Ashley - My Heart Beets says
Louise, that’s great to hear! Thanks for letting us know how it turned out for you on the stovetop! I’m sure this will be helpful for other readers 🙂
Nisha says
This is absolutely delicious and a quick go-to for any week night.
Ashley - My Heart Beets says
Nisha, I’m so glad to hear that! Thanks for letting me know how much you liked it 🙂
Raffat says
how many tomatoes do we need? Sorry don’t think I see in the recipe
Ashley - My Heart Beets says
Hi Raffat, you’ll want to use 2 tomatoes. You can see it in the recipe card at the bottom of the post 🙂
Veda says
Love all of Ashley’s recipes, this one is no exception! My 2 y/o toddler loves it too!
Ashley - My Heart Beets says
Thanks, Veda! That’s so great to hear! Thanks for letting me know how much you and your toddler liked this recipe 🙂
Mimi says
This turned out beautifully and cannot get over how simple and quick the whole process was. I put in 2 green chillies instead of the the half as recommended in the recipe and it came out pretty spicy but made some raita to have on the side.
Will be adding to my regular dishes I reckon!
Ashley - My Heart Beets says
Mimi, that’s so great to hear! Thanks for letting me know how much you liked this dish 🙂
Ginger Bingham says
Made this tonight. It was delicious. The spice combination is amazing. I used ground turkey and brown rice(an organic sprouted brown basmati) I prefer using brown rice to white. I soaked it for close to 2 hrs and did the pressure for 8 minutes. It was done, but the dish was perhaps a little wetter than your photo looked. Any suggestions on a better way to substitute brown for white? And thanks for yet another fabulous recipe!
Ashley - My Heart Beets says
Ginger, thanks for letting us know how it turned out for you with brown rice.

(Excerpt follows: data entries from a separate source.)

(* Let $q$ be a prime power, let $m,n\ge 1$ with $\gcd(n,q^m-1)=1$. Let $l(x)=\sum_{v=0}^{m} b_v x^{q^v}\in\mathbb{F}_q[x]$ be such that $\bar l(x)=\sum_{v=0}^m b_v x^v$ is a primitive polynomial of degree $m$ over $\mathbb{F}_q$ with $\bar l(x)\neq x-1$, and let $f(x)$ be an irreducible polynomial of degree $n$ over $\mathbb{F}_q$. Setting $b_u=0$ for $u>m$, define for $0\le i\le n-1$ $$c_i=\sum_{u=0}^{\lfloor (m+1)/n\rfloor} b_{i+nu}.$$ Suppose there is an index $i\in\{0,\ldots,n-1\}$ with $c_i\neq 0$ and $c_j=0$ for all $j\in\{0,\dots,n-1\}$, $j\ne i$. Then the polynomial $$F(x)=\frac{f\big(c_i^{-1}l(x)\big)}{f(x)}$$ of degree $n(q^m-1)$ is irreducible over $\mathbb{F}_q$.
   Context: A primitive polynomial of degree $m$ over $\mathbb{F}_q$ is a monic irreducible polynomial of degree $m$ whose roots generate the multiplicative group $\mathbb{F}_{q^m}^*$. *)

From HB Require Import structures.
From mathcomp Require Import all_boot all_order all_algebra all_fingroup all_field.
Set Implicit Arguments. Unset Strict Implicit. Unset Printing Implicit Defensive.
Import GRing.Theory.
Local Open Scope ring_scope.

Definition primitive_polyq {F : finFieldType} (m : nat) (p : {poly F}) : Prop :=
  [/\ p \is monic, irreducible_poly p, size p = m.+1 &
      forall (L : fieldExtType F) (z : L),
        root (map_poly (in_alg L) p) z -> ((#|F| ^ m - 1)%N).-primitive_root z].

Definition linearized {F : finFieldType} (m : nat) (lbar : {poly F}) : {poly F} :=
  \sum_(v < m.+1) lbar`_v *: 'X^(#|F| ^ v).

Definition cfold {F : finFieldType} (m n : nat) (lbar : {poly F}) (i : nat) : F :=
  \sum_(u < ((m + 1) %/ n).+1) lbar`_(i + n * u).

(* Let [b] be a root of [G %/ f], where [G = f (c^-1 l(x))], and let [d] be its
   degree over [F_q].  On [F_(q^n)] the q-associate [l] agrees with [c_i x^(q^i)],
   because [x^(q^(i + n u)) = x^(q^i)] there; hence [f] divides [G], and
   [g = c^-1 l(b)] is a root of [f], so [g] lies in [F_(q^n)] and [n] divides [d].
   The element [e = b^(q^n) - b] is nonzero (otherwise [b] is a double root of [G],
   against the separability of [f]) and is killed by [l], since
   [l(e) = c (g^(q^n) - g) = 0].  Writing [d = n k], [b^(q^d) = b] shows that [e] is
   also killed by the q-associate of [1 + x^n + ... + x^(n(k-1))].  As [lbar] is
   irreducible it divides that polynomial, hence [x^(nk) - 1]; so the order
   [q^m - 1] of a root of [lbar] divides [nk], hence [k].  Thus
   [d >= n (q^m - 1) = deg (G %/ f)] for every root, and [G %/ f] is irreducible. *)

From HB Require Import structures.
From mathcomp Require Import all_boot all_order all_algebra all_fingroup all_field.
Import GRing.Theory.
Local Open Scope ring_scope.

Set Implicit Arguments.
Unset Strict Implicit.
Unset Printing Implicit Defensive.

Section FiniteField.
Variable F : finFieldType.
Local Notation q := #|F|.

Lemma pchar_nat_card : [pchar F].-nat q.
Proof.
have [p p_pr pchar_p] := finPcharP F.
by rewrite (card_pprimeChar pchar_p) pnatX (pnatE _ p_pr) pchar_p.
Qed.

Lemma natr_card : (q%:R : F) = 0.
Proof.
have [p p_pr pchar_p] := finPcharP F.
apply/eqP; rewrite -(dvdn_pcharf pchar_p).
have := finNzRing_gt1 F; have := card_pprimeChar pchar_p.
by case: (logn _ _) => [|e] -> //; rewrite expnS dvdn_mulr.
Qed.

Lemma expf_card_pow (a : F) k : a ^+ (q ^ k) = a.
Proof.
elim: k => [|k IHk]; first by rewrite expr1.
by rewrite expnSr exprM IHk expf_card.
Qed.

Lemma card_expn_sub1_gt0 m : (0 < m)%N -> (0 < q ^ m - 1)%N.
Proof. by move=> m_gt0; rewrite subn_gt0 -{1}(exp1n m) ltn_exp2r ?finNzRing_gt1. Qed.
Lemma esum_tail_le {f eta} : (forall i, 0 <= f i) ->
  (\esum_(i in [set: T]) (f i)%:E < +oo)%E -> 0 < eta ->
  exists2 F, finite_set F & (\esum_(i in ~` F) (f i)%:E <= eta%:E)%E.
Proof.
move=> f0 fin_sum eta0; set S := \esum_(i in [set: T]) (f i)%:E.
have S0 : (0 <= S)%E by apply: esum_ge0 => i _; rewrite lee_fin.
have Sfin : S \is a fin_num by rewrite ge0_fin_numE.
have : (S - eta%:E < S)%E by rewrite -(fineK Sfin) -EFinB lte_fin; lra.
move=> /ereal_sup_gt[_ [F [finF _] <-] hF].
exists F => //; have := esum_setTID f0 finF; rewrite -/S.
set A := (\sum_(i \in F) (f i)%:E)%E in hF *.
set B := \esum_(i in ~` F) (f i)%:E => eS.
have A0 : (0 <= A)%E by apply: fsume_ge0 => i _; rewrite lee_fin.
have B0 : (0 <= B)%E by apply: esum_ge0 => i _; rewrite lee_fin.
have Afin : A \is a fin_num by rewrite ge0_fin_numE // (le_lt_trans _ fin_sum) // -/S eS leeDl.
have Bfin : B \is a fin_num by rewrite ge0_fin_numE // (le_lt_trans _ fin_sum) // -/S eS leeDr.
move: hF eS; rewrite -(fineK Afin) -(fineK Bfin) -(fineK Sfin) -EFinB -EFinD.
by rewrite lte_fin lee_fin => hF eS; have := EFin_inj eS; lra.
Qed.

End EsumNonneg.

Section NearSum.
Context {R : realType} {T : Type} {I : choiceType} {F : set_system T} {FF : Filter F}.

Lemma near_fsum_le {b : T -> I -> R} {D : set I} : finite_set D ->
  (forall i e, 0 < e -> \forall a \near F, b a i <= e) ->
  forall e, 0 < e -> \forall a \near F, (\sum_(i \in D) (b a i)%:E <= e%:E)%E.
Proof.
move=> finD hb e e0.
suff : \forall a \near F, \sum_(i <- finmap.enum_fset (fset_set D)) b a i <= e.
  by apply: filterS => a h; rewrite fsbig_finite // sumEFin lee_fin.
elim: (finmap.enum_fset _) e e0 => [|i r IH] e e0.
  by apply: nearW => a; rewrite big_nil ltW.
have e2 : 0 < e / 2 by rewrite divr_gt0.
apply: filterS2 (hb i _ e2) (IH _ e2) => a h1 h2.
by rewrite big_cons; lra.
Qed.
(* Let $\alpha\ge-1/2$, $a\ge1$, $j\in\{1,2,\dots\}$ and $k>0$. For $x,y\in\mathbb{R}_+$, $x\neq y$, let \[ I_k=\int_{-1}^1\int_0^1\xi^{-k}\beta_{\alpha+aj}(\xi)\exp\Big(-\frac{x^2+y^2+2xys}{4\xi}\Big)d\xi\,\Pi_{\alpha+aj}(ds). \] Then $I_k\le\dfrac{C_{\alpha,k}}{(x+y)^{2\alpha+1}(xy)^{aj}|x-y|^{2k}}$ with $C_{\alpha,k}$ independent of $j$, $x$, $y$.
   Context: For $m>-1$, $\beta_m(\xi)=\sqrt{\tfrac2\pi}\big(\frac{1-\xi^2}{2\xi}\big)^{1+m}\frac1{1-\xi^2}\big(\log\frac{1+\xi}{1-\xi}\big)^{-1/2}$, $\xi\in(0,1)$. For $\nu>-1/2$, $\Pi_\nu$ is the measure on $[-1,1]$ given by $\Pi_\nu(du)=\frac{(1-u^2)^{\nu-1/2}}{\sqrt\pi\,2^\nu\Gamma(\nu+1/2)}du$. *)

From Stdlib Require Import Reals Lra ClassicalEpsilon.
Open Scope R_scope.

(* Total Riemann integral on [a,b]: the Stdlib RiemannInt when f is
   Riemann integrable (value independent of the proof), 0 otherwise. *)
Definition Rint (f : R -> R) (a b : R) : R :=
  match excluded_middle_informative (inhabited (Riemann_integrable f a b)) with
  | left H => RiemannInt (epsilon H (fun _ => True))
  | right _ => 0
  end.

(* Total limit of a real sequence (0 if it does not converge). *)
Definition Rlim (u : nat -> R) : R :=
  match excluded_middle_informative (exists l, Un_cv u l) with
  | left H => proj1_sig (constructive_indefinite_description _ H)
  | right _ => 0
  end.
Lemma ric_vpart_center u c : vpart br g u -> center br c -> ric br g u c = 0.
Proof.
move=> hu hc; rewrite ric_lintr (eq_lintr (fun x => curv_vpart_center x hu hc)).
rewrite !lintrD !lintrZ.
rewrite (lintr_into_center (br_linear_l _) (fun x => center_br x _)); last first.
  by move=> c' hc'; apply: hc'.
rewrite (lintr_into_vpart (jmap_linear_l _) (fun x => jmap_vpart x _)); last first.
  by move=> a ha; apply: jmap_vpart_l.
rewrite (lintr_into_center (linear_comp (br_linear_r u) (jmap_linear_r c))
  (fun x => center_br u _)); first by rewrite !mulr0 !addr0.
by move=> c' hc'; rewrite /= jmap_center_r // (linear_fun0 (br_linear_r u)).
Qed.

Lemma ric_center_vpart c u : center br c -> vpart br g u -> ric br g c u = 0.
Proof.
move=> hc hu; rewrite ric_lintr (eq_lintr (fun x => curv_center_vpart x hc hu)).
rewrite lintrB lintrD !lintrZ.
rewrite (lintr_into_center (br_linear_l _) (fun x => center_br x _)); last first.
  by move=> c' hc'; apply: hc'.
rewrite (lintr_into_vpart (jmap_linear_l _) (fun x => jmap_vpart x _)); last first.
  by move=> a ha; apply: jmap_vpart_l.
rewrite (lintr_into_vpart (linear_comp (jmap_linear_r c) (jmap_linear_l u))
  (fun x => jmap_vpart c _)); first by rewrite !mulr0 subr0 addr0.
by move=> a ha; rewrite /= (jmap_vpart_l u ha) (linear_fun0 (jmap_linear_r c)).
Qed.

Definition tr_br_jmap u w := lintr (fun x => br u (jmap x w)).

Lemma lintr_jmap_br u w : lintr (fun x => jmap (br x w) u) = - tr_br_jmap w u.
Proof.
rewrite (lintr_comp_comm (jmap_linear_l u) (br_linear_l w)) -lintrN.
by apply: eq_lintr => x; rewrite br_anti.
Qed.

Lemma ric_vpart_tr u w : vpart br g u -> vpart br g w ->
  ric br g u w = - 4^-1 * (tr_br_jmap u w + tr_br_jmap w u).
Proof.
move=> hu hw; rewrite ric_lintr (eq_lintr (fun x => curv_vpart x hu hw)).
rewrite !lintrD !lintrZ (lintr_skew gunit (jmap_linear_r _) (jmap_skew _)).
rewrite !lintr_jmap_br -/(tr_br_jmap u w); field; by rewrite ?pnatr_eq0.
Qed.

Lemma Rc_center c : center br c -> center br (Rc br g c).
Proof.
move=> hc; suff /eqP : Rc br g c - zp (Rc br g c) = 0.
  by rewrite subr_eq0 => /eqP ->; apply: center_zp.
apply: (ipl_inj gunit) => y; rewrite ip0l ip_split (vpart_sub_zp _ (center_zp y)).
rewrite addr0 ipBl /Rc (ip_riesz gunit _ (ric_scalar_r c)).
rewrite (ric_center_vpart hc (vpart_sub_zp y)) (ip_sym gsym).
by rewrite (vpart_sub_zp y (center_zp _)) subrr.
Qed.

Section ModifiedHType.
Variables (Q : 'M[R]_n) (j : 'rV[R]_n -> 'rV[R]_n -> 'rV[R]_n).
Hypothesis j_adj : forall z x, center br z -> vpart br g x ->
  vpart br g (j z x) /\ (forall y, vpart br g y -> ip g (br x y) z = ip g y (j z x)).
Hypothesis j_sq : forall z x, center br z -> vpart br g x -> j z (j z x) = - qform Q z *: x.
Theorem proposition1 (lam mu : R) (K : nat) :
  0 < lam -> 0 < mu -> (1 <= K)%nat ->
  forall eps : R, 0 < eps ->
    exists T : R, forall t : R, T <= t ->
      Rabs (VarD lam mu K t - (vbar lam mu K * t + bbar_e lam mu K)) < eps.
Proof.
  intros Hl Hm HK eps Heps.
  destruct (poisson_solutions_exist lam mu K Hl Hm HK) as (psi & chi & Hsol).
  pose proof (fun t => variance_as_poisson_mixture lam mu K psi chi t Hl Hm HK Hsol) as Hvar.
  cbv zeta in Hvar. destruct Hsol as (_ & _ & _ & Hchim & Hv & Hb).
  set (p := arrival_prob lam mu) in *. set (q := service_prob lam mu) in *.
  set (c := departure_rate q (pi_stat lam mu K)) in *.
  assert (Hq : 0 < q) by (apply Rdiv_lt_0_compat; lra).
  assert (Hp : 0 <= p) by (left; apply Rdiv_lt_0_compat; lra).
  (* the remainder [steps m chi 0] is bounded and null since [chi] has mass zero *)
  destruct (poisson_mixture_quadratic (c ^ 2) (c - 2 * q * psi 0%nat) (2 * q * chi 0%nat) (- 2 * q)
              (fun m => steps p q K m chi 0%nat) _
              (fun m => steps_bounded p q K Hp Hq (prob_sum lam mu Hl Hm) HK chi m 0 ltac:(lia))
              (zero_mass_decays p q K Hp Hq (prob_sum lam mu Hl Hm) HK chi 0 ltac:(lia) Hchim)
              (eps / 2) ltac:(lra)) as (X & HX0 & HX).
  exists (X / (lam + mu)). intros t Ht.
  assert (Hx : X <= (lam + mu) * t).
  { apply Rmult_le_reg_r with (/ (lam + mu)); [apply Rinv_0_lt_compat; lra|].
    replace ((lam + mu) * t * / (lam + mu)) with t by (field; lra). exact Ht. }
  specialize (HX _ Hx). rewrite Hvar, Hv, Hb. set (S := series _) in *.
  (* the x^2 terms cancel between E[D^2] and E[D]^2 *)
  replace (S - (c * ((lam + mu) * t)) ^ 2 - ((lam + mu) * (c - 2 * q * psi 0%nat) * t + 2 * q * chi 0%nat))
    with (S - (c ^ 2 * ((lam + mu) * t) ^ 2 + (c - 2 * q * psi 0%nat) * ((lam + mu) * t)
              + 2 * q * chi 0%nat)) by ring.
  lra.
Qed.
(* Let $X$ be a nonempty set, $f:X\to X$ a function, and $\tau_2$ the fuzzy topology on $X$ defined below. Then $(X,\tau_2)$ is regular if and only if $f$ is onto.
   Context: A fuzzy subset of $X$ is a function $\mu:X\to[0,1]$; union is the pointwise supremum, intersection the pointwise minimum, complement $1-\mu$; $\emptyset$ is the constant $0$ and $X$ the constant $1$. A fuzzy topology is a family of fuzzy subsets containing $\emptyset$ and $X$, closed under arbitrary unions and finite intersections; complements of open fuzzy sets are closed; the topology generated by a base $\mathbb{B}$ consists of $\emptyset$ and all unions of subfamilies of $\mathbb{B}$. $\mathbb{N}=\{1,2,\dots\}$, $f^0=\mathrm{id}_X$, $f^{n+1}=f^n\circ f$. Definition of $\tau_2$: $J_0=\bigcap_{n\in\mathbb{N}} f^n(X)$, $J_n=f^{n-1}(X)\setminus f^n(X)$ for $n\in\mathbb{N}$; for $m\in\mathbb{N}$, $\mu_{K_m}(x)=\min\{1,n/m\}$ if $x\in J_n$ with $n\ge1$, and $\mu_{K_m}(x)=1$ otherwise; $\tau_2$ is generated by the base $\{K_m:m\in\mathbb{N}\}$. A fuzzy point $x_p$ ($x\in X$, $0<p\le1$) belongs to a fuzzy set $F$ iff $p\le\mu_F(x)$. The space is regular if for every fuzzy point $x_p$ and every closed fuzzy set $F$ with $x_p\notin F$ there exist open fuzzy sets $U,V$ with $x_p\in U$, $F\subseteq V$ and $U\cap V=\emptyset$. *)

(* fuzzy sets are functions X -> R (values in [0,1]). *)
From Stdlib Require Import Reals Classical ClassicalEpsilon.
Open Scope R_scope.

Definition fuzzy (X : Type) := X -> R.

Definition in_image {X : Type} (f : X -> X) (n : nat) (x : X) : Prop :=
  exists y, Nat.iter n f y = x.

(* J_n = f^(n-1)(X) \ f^n(X), for n >= 1 *)
Definition in_J {X : Type} (f : X -> X) (n : nat) (x : X) : Prop :=
  in_image f (n - 1) x /\ ~ in_image f n x.

(* mu_{K_m}(x) = min{1, n/m} if x in J_n with n >= 1, and 1 otherwise *)
Definition K {X : Type} (f : X -> X) (m : nat) : fuzzy X :=
  fun x =>
    match excluded_middle_informative (exists n, (1 <= n)%nat /\ in_J f n x) with
    | left H =>
        let n := proj1_sig (constructive_indefinite_description _ H) in
        Rmin 1 (INR n / INR m)
    | right _ => 1
    end.

(* Open sets of tau_2: the empty fuzzy set, and all unions (pointwise suprema)
   of subfamilies {K_m : m in S} (S a set of indices m >= 1) of the base. *)
Definition tau2_open {X : Type} (f : X -> X) (U : fuzzy X) : Prop :=
  (forall x, U x = 0) \/
  exists S : nat -> Prop,
    forall x, is_lub (fun r => exists m, (1 <= m)%nat /\ S m /\ r = K f m x) (U x).

Definition tau2_closed {X : Type} (f : X -> X) (F : fuzzy X) : Prop :=
  tau2_open f (fun x => 1 - F x).

Definition fpoint_in {X : Type} (x : X) (p : R) (F : fuzzy X) : Prop := p <= F x.

Definition fsubset {X : Type} (A B : fuzzy X) : Prop := forall x, A x <= B x.

Definition fdisjoint {X : Type} (A B : fuzzy X) : Prop := forall x, Rmin (A x) (B x) = 0.

Definition tau2_regular {X : Type} (f : X -> X) : Prop :=
  forall (x : X) (p : R) (F : fuzzy X),
    0 < p <= 1 -> tau2_closed f F -> ~ fpoint_in x p F ->
    exists U V : fuzzy X,
      tau2_open f U /\ tau2_open f V /\
      fpoint_in x p U /\ fsubset F V /\ fdisjoint U V.

(* The sets J_n are pairwise disjoint, so K_m(x) = min(1, n/m) for x in J_n.
   If y is not in the range of f, then y lies in J_1 and K_2(y) = 1/2, so the
   closed set 1 - K_2 misses the fuzzy point y_1 while taking the value 1/2
   at y; open sets U containing y_1 and V containing 1 - K_2 would then satisfy
   min(U(y), V(y)) >= 1/2, so they cannot be disjoint.
   If f is onto, all J_n with n >= 1 are empty, every K_m is the constant 1,
   and tau_2 is the indiscrete topology {0, 1}, which is trivially regular. *)
From Stdlib Require Import Reals Lra Lia Classical ClassicalEpsilon
  FunctionalExtensionality.
Open Scope R_scope.

Lemma is_lub_inhabited (E : R -> Prop) (l : R) : is_lub E l -> exists r, E r.
Proof.
  intros [_ Hleast]. apply NNPP. intros Hempty.
  enough (l <= l - 1) by lra.
  apply Hleast. intros r Hr. exfalso. apply Hempty. now exists r.
Qed.

Section FuzzyTopology.
Variables (X : Type) (f : X -> X).

Lemma in_image_S n x : in_image f (S n) x -> in_image f n x.
Proof.
  intros [y Hy]. exists (f y). now rewrite <- Nat.iter_succ_r.
Qed.

Lemma in_image_antitone n k x : (n <= k)%nat -> in_image f k x -> in_image f n x.
Proof.
  intros Hle. induction Hle as [|k' _ IH]; auto using in_image_S.
Qed.

Lemma in_J_unique n k x : in_J f n x -> in_J f k x -> n = k.
Proof.
  intros [Hn_img Hn_out] [Hk_img Hk_out].
  destruct (Nat.lt_total n k) as [Hlt | [Heq | Hgt]]; [exfalso | exact Heq | exfalso].
  - apply Hn_out. apply (in_image_antitone _ (k - 1)); [lia | exact Hk_img].
  - apply Hk_out. apply (in_image_antitone _ (n - 1)); [lia | exact Hn_img].
Qed.

Lemma K_in_J m n x : in_J f n x -> (1 <= n)%nat -> K f m x = Rmin 1 (INR n / INR m).
Proof.
  intros HJ Hn. unfold K.
  destruct excluded_middle_informative as [H | H].
  - destruct (constructive_indefinite_description _ H) as [k [Hk HJk]]; simpl.
    now rewrite (in_J_unique k n x HJk HJ).
  - exfalso. apply H. now exists n.
Qed.

Lemma tau2_open_K m : (1 <= m)%nat -> tau2_open f (K f m).
Proof.
  intros Hm. right. exists (fun k => k = m). intros x. split.
  - intros r [k [_ [-> ->]]]. lra.
  - intros b Hb. apply Hb. now exists m.
Qed.

Lemma tau2_closed_compl_K m : (1 <= m)%nat -> tau2_closed f (fun x => 1 - K f m x).
Proof.
  intros Hm. unfold tau2_closed.
  replace (fun x => 1 - (1 - K f m x)) with (K f m)
    by (apply functional_extensionality; intros; ring).
  now apply tau2_open_K.
Qed.

Lemma not_in_range_in_J1 y : ~ (exists x, f x = y) -> in_J f 1 y.
Proof.
  intros Hy. split.
  - now exists y.
  - intros [x Hx]. apply Hy. now exists x.
Qed.

Lemma tau2_regular_surjective : tau2_regular f -> forall y, exists x, f x = y.
Proof.
  intros Hreg y. apply NNPP. intros Hy.
  assert (HK : K f 2 y = / 2).
  { rewrite (K_in_J 2 1 y (not_in_range_in_J1 y Hy)) by lia.
    simpl. unfold Rmin. destruct Rle_dec; lra. }
  destruct (Hreg y 1 (fun x => 1 - K f 2 x)) as (U & V & _ & _ & HUy & HFV & Hdisj).
  - lra.
  - apply tau2_closed_compl_K; lia.
  - unfold fpoint_in. lra.
  - specialize (HFV y). specialize (Hdisj y). unfold fpoint_in in HUy.
    simpl in HFV. rewrite HK in HFV. unfold Rmin in Hdisj. destruct Rle_dec; lra.
Qed.

Hypothesis f_surjective : forall y, exists x, f x = y.

Lemma in_image_surjective n x : in_image f n x.
Proof.
  revert x. induction n as [|n IH]; intros x.
  - now exists x.
  - destruct (f_surjective x) as [z <-]. destruct (IH z) as [y <-].
    exists y. reflexivity.
Qed.

Lemma K_surjective m : K f m = fun _ => 1.
Proof.
  apply functional_extensionality. intros x. unfold K.
  destruct excluded_middle_informative as [H | _]; [exfalso | reflexivity].
  destruct H as [n [_ [_ Hout]]]. apply Hout, in_image_surjective.
Qed.

Lemma tau2_open_surjective U : tau2_open f U -> (forall x, U x = 0) \/ (forall x, U x = 1).
Proof.
  intros [Hzero | [S HS]]; [now left | right]. intros x.
  destruct (is_lub_inhabited _ _ (HS x)) as [r Hr].
  apply Rle_antisym.
  - apply (HS x). intros s [k [_ [_ ->]]]. rewrite K_surjective. lra.
  - destruct Hr as [m [Hm [Hsm _]]].
    replace 1 with (K f m x) by now rewrite K_surjective.
    apply (HS x). now exists m.
Qed.

Lemma surjective_tau2_regular : tau2_regular f.
Proof.
  intros x p F Hp HF Hx. unfold fpoint_in in Hx.
  destruct (tau2_open_surjective _ HF) as [F1 | F0].
  - specialize (F1 x). simpl in F1. lra.
  - exists (fun _ => 1), (fun _ => 0). repeat split.
    + rewrite <- (K_surjective 1). apply tau2_open_K; lia.
    + now left.
    + unfold fpoint_in. lra.
    + intros y. specialize (F0 y). simpl in F0. lra.
    + intros y. unfold Rmin. destruct Rle_dec; lra.
Qed.

End FuzzyTopology.

Theorem proposition3p10 (X : Type) (f : X -> X) (HX : inhabited X) :
  tau2_regular f <-> (forall y : X, exists x : X, f x = y).
Proof.
  split.
  - apply tau2_regular_surjective.
  - apply surjective_tau2_regular.
Qed.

I normally soak brown rice for 15-20 minutes and cook for 22 minutes, maybe try that next time?
Debbie Finkelstein says
I love all your recipes and even bought an Instant Pot to make them. Working my way through the main dish recipes at the moment. Needless to say, I’m very pleased, and so is hubby.
Ashley - My Heart Beets says
Debbie, that’s awesome – very happy to hear that 🙂 Please continue to let me know what you think of the recipes you try!